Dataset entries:

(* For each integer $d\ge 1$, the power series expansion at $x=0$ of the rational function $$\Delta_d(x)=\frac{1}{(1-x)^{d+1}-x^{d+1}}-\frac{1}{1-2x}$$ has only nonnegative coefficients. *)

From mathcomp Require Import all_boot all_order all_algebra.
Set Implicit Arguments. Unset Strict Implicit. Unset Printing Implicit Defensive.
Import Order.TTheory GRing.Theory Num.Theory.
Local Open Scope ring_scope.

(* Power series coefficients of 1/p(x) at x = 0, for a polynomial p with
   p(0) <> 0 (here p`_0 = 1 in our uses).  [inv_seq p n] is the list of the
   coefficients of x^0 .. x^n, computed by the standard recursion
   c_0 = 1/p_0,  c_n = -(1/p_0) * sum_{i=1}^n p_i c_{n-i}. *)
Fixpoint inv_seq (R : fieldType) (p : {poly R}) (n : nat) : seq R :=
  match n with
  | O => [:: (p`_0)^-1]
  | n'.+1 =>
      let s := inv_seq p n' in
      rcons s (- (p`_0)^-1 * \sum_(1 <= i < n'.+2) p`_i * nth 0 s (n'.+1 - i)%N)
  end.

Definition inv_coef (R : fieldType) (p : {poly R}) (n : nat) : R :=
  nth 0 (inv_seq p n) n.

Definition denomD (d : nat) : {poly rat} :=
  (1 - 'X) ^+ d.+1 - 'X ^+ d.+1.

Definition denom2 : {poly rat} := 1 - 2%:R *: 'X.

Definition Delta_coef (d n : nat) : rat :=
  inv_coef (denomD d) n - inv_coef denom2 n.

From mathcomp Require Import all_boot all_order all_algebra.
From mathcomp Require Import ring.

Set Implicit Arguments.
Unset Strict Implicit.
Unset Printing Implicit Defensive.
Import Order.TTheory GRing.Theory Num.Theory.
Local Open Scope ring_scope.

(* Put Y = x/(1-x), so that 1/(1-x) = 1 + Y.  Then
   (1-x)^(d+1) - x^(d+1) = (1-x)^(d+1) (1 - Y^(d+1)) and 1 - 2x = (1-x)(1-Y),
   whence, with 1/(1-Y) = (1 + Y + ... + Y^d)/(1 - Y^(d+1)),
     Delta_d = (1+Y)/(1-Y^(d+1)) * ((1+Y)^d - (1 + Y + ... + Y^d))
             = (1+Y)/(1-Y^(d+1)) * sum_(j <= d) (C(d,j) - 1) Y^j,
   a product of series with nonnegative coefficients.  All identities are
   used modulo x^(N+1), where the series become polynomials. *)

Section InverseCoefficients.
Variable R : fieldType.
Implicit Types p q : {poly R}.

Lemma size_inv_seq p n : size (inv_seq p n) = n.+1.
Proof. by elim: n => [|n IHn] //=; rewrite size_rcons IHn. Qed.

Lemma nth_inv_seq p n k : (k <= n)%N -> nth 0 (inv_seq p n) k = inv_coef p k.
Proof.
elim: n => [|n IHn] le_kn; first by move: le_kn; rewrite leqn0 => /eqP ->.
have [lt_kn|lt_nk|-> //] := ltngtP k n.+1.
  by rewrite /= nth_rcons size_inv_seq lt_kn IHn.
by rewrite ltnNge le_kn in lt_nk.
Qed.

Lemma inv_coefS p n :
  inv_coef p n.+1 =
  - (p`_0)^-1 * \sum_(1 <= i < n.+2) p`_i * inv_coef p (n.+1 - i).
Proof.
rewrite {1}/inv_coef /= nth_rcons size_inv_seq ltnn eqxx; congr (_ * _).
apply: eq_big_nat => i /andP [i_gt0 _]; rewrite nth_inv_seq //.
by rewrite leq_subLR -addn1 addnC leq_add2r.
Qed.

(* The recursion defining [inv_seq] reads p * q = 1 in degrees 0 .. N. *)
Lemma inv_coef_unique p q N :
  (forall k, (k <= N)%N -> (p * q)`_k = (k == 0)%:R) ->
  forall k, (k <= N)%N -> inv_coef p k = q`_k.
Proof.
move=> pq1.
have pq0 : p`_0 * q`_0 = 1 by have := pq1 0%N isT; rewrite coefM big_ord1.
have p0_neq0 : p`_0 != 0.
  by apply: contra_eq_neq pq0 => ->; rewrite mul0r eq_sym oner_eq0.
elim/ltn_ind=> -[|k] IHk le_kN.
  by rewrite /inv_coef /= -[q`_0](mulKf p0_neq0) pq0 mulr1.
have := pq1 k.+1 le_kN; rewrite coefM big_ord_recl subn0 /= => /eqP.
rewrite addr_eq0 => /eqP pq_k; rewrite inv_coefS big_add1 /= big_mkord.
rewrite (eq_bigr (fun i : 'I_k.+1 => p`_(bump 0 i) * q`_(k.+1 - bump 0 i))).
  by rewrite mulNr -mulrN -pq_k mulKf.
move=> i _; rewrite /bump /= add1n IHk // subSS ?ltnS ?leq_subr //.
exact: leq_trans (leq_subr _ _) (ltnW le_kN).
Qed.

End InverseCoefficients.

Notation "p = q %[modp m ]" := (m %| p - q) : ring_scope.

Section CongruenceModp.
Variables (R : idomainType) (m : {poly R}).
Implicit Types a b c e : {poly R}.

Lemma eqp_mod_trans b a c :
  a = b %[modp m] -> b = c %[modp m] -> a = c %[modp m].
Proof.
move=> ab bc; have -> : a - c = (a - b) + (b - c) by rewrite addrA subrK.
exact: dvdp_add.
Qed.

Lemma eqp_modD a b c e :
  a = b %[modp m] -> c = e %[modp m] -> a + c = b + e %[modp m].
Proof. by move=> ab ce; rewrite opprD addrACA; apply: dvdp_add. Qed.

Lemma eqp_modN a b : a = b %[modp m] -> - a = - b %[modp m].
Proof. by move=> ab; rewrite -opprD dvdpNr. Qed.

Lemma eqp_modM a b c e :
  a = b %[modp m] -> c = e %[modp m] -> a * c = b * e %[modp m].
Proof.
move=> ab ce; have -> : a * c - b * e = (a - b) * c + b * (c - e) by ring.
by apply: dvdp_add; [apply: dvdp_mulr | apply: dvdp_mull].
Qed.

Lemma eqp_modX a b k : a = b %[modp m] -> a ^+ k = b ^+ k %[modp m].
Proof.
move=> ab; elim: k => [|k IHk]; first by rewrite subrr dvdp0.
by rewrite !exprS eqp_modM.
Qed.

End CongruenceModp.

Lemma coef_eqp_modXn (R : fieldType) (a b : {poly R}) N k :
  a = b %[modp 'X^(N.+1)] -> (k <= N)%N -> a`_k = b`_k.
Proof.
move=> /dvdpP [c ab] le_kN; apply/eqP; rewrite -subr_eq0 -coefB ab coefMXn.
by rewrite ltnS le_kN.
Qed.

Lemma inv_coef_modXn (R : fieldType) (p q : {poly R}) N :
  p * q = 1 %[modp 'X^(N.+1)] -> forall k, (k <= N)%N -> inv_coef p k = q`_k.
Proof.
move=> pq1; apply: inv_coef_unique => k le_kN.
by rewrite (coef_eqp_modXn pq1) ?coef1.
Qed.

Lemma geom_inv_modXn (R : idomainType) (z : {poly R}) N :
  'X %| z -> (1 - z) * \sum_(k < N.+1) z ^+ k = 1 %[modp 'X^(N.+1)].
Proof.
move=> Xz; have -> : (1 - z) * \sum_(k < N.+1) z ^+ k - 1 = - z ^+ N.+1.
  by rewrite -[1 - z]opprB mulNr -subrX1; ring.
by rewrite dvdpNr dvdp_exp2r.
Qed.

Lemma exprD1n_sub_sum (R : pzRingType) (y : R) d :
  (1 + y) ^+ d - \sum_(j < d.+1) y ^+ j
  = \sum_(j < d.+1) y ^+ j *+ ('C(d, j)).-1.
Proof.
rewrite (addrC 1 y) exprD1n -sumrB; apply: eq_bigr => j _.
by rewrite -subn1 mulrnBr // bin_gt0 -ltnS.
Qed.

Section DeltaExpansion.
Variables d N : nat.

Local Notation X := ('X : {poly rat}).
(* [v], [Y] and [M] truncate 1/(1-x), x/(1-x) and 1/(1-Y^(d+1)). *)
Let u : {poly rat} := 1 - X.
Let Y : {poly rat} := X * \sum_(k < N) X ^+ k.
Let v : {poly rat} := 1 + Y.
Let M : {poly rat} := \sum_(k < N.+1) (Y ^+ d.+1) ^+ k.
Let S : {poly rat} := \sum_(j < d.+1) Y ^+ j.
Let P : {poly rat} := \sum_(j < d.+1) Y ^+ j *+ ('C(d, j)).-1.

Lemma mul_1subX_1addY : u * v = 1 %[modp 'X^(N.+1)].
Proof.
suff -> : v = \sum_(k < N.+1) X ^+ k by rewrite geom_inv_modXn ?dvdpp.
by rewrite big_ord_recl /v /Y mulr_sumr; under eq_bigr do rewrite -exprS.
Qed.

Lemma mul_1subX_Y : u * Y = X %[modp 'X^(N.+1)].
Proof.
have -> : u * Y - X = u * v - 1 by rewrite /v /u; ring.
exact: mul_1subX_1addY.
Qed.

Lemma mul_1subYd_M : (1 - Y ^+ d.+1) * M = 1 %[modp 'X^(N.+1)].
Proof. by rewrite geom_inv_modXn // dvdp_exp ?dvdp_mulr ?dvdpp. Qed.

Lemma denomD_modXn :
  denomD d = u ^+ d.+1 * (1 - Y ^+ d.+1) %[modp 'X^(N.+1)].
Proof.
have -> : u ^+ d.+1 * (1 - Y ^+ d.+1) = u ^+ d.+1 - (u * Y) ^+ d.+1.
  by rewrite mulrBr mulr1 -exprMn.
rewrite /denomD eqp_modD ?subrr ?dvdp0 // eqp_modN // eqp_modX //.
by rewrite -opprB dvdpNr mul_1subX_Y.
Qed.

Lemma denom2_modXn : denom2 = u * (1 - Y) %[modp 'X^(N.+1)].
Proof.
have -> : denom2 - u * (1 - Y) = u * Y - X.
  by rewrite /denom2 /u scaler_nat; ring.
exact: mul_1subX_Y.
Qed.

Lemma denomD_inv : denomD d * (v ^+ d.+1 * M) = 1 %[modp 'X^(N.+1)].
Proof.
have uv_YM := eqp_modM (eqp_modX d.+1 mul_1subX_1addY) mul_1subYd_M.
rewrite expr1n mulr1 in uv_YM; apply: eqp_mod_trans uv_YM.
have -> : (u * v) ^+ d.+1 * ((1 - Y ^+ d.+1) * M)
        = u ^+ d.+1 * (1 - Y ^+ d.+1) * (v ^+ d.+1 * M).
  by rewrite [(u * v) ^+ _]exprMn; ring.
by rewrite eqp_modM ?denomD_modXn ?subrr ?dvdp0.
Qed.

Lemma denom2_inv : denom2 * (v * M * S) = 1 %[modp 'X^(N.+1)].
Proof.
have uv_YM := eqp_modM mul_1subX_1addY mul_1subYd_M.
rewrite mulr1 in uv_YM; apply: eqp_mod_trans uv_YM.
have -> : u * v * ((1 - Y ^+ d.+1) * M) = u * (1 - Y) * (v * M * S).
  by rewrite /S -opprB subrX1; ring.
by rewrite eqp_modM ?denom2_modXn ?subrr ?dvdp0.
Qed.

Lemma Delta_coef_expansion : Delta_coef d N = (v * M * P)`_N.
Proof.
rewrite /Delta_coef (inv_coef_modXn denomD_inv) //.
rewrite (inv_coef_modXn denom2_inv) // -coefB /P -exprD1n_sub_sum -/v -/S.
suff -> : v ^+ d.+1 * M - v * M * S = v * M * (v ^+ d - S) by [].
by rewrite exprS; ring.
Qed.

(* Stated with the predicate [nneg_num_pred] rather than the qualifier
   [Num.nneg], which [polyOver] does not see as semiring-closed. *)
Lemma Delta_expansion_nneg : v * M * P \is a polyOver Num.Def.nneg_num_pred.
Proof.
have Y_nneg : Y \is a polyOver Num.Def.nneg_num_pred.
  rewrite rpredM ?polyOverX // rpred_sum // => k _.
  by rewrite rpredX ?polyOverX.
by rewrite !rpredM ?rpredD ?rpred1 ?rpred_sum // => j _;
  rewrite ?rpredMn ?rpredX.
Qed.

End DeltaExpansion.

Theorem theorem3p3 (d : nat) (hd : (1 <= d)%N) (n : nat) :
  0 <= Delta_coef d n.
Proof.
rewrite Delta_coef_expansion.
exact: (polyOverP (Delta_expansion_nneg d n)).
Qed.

**Aim of the exercise**:
Beginning at the first line of the data above, retype each line until you reach the line containing "(1 - 'X) ^+ d.+1 - 'X ^+ d.+1.", and include that one too. Add nothing else.

**Result of this task**:
(* For each integer $d\ge 1$, the power series expansion at $x=0$ of the rational function $$\Delta_d(x)=\frac{1}{(1-x)^{d+1}-x^{d+1}}-\frac{1}{1-2x}$$ has only nonnegative coefficients. *)

From mathcomp Require Import all_boot all_order all_algebra.
Set Implicit Arguments. Unset Strict Implicit. Unset Printing Implicit Defensive.
Import Order.TTheory GRing.Theory Num.Theory.
Local Open Scope ring_scope.

(* Power series coefficients of 1/p(x) at x = 0, for a polynomial p with
   p(0) <> 0 (here p`_0 = 1 in our uses).  [inv_seq p n] is the list of the
   coefficients of x^0 .. x^n, computed by the standard recursion
   c_0 = 1/p_0,  c_n = -(1/p_0) * sum_{i=1}^n p_i c_{n-i}. *)
Fixpoint inv_seq (R : fieldType) (p : {poly R}) (n : nat) : seq R :=
  match n with
  | O => [:: (p`_0)^-1]
  | n'.+1 =>
      let s := inv_seq p n' in
      rcons s (- (p`_0)^-1 * \sum_(1 <= i < n'.+2) p`_i * nth 0 s (n'.+1 - i)%N)
  end.

Definition inv_coef (R : fieldType) (p : {poly R}) (n : nat) : R :=
  nth 0 (inv_seq p n) n.

Definition denomD (d : nat) : {poly rat} :=
  (1 - 'X) ^+ d.+1 - 'X ^+ d.+1.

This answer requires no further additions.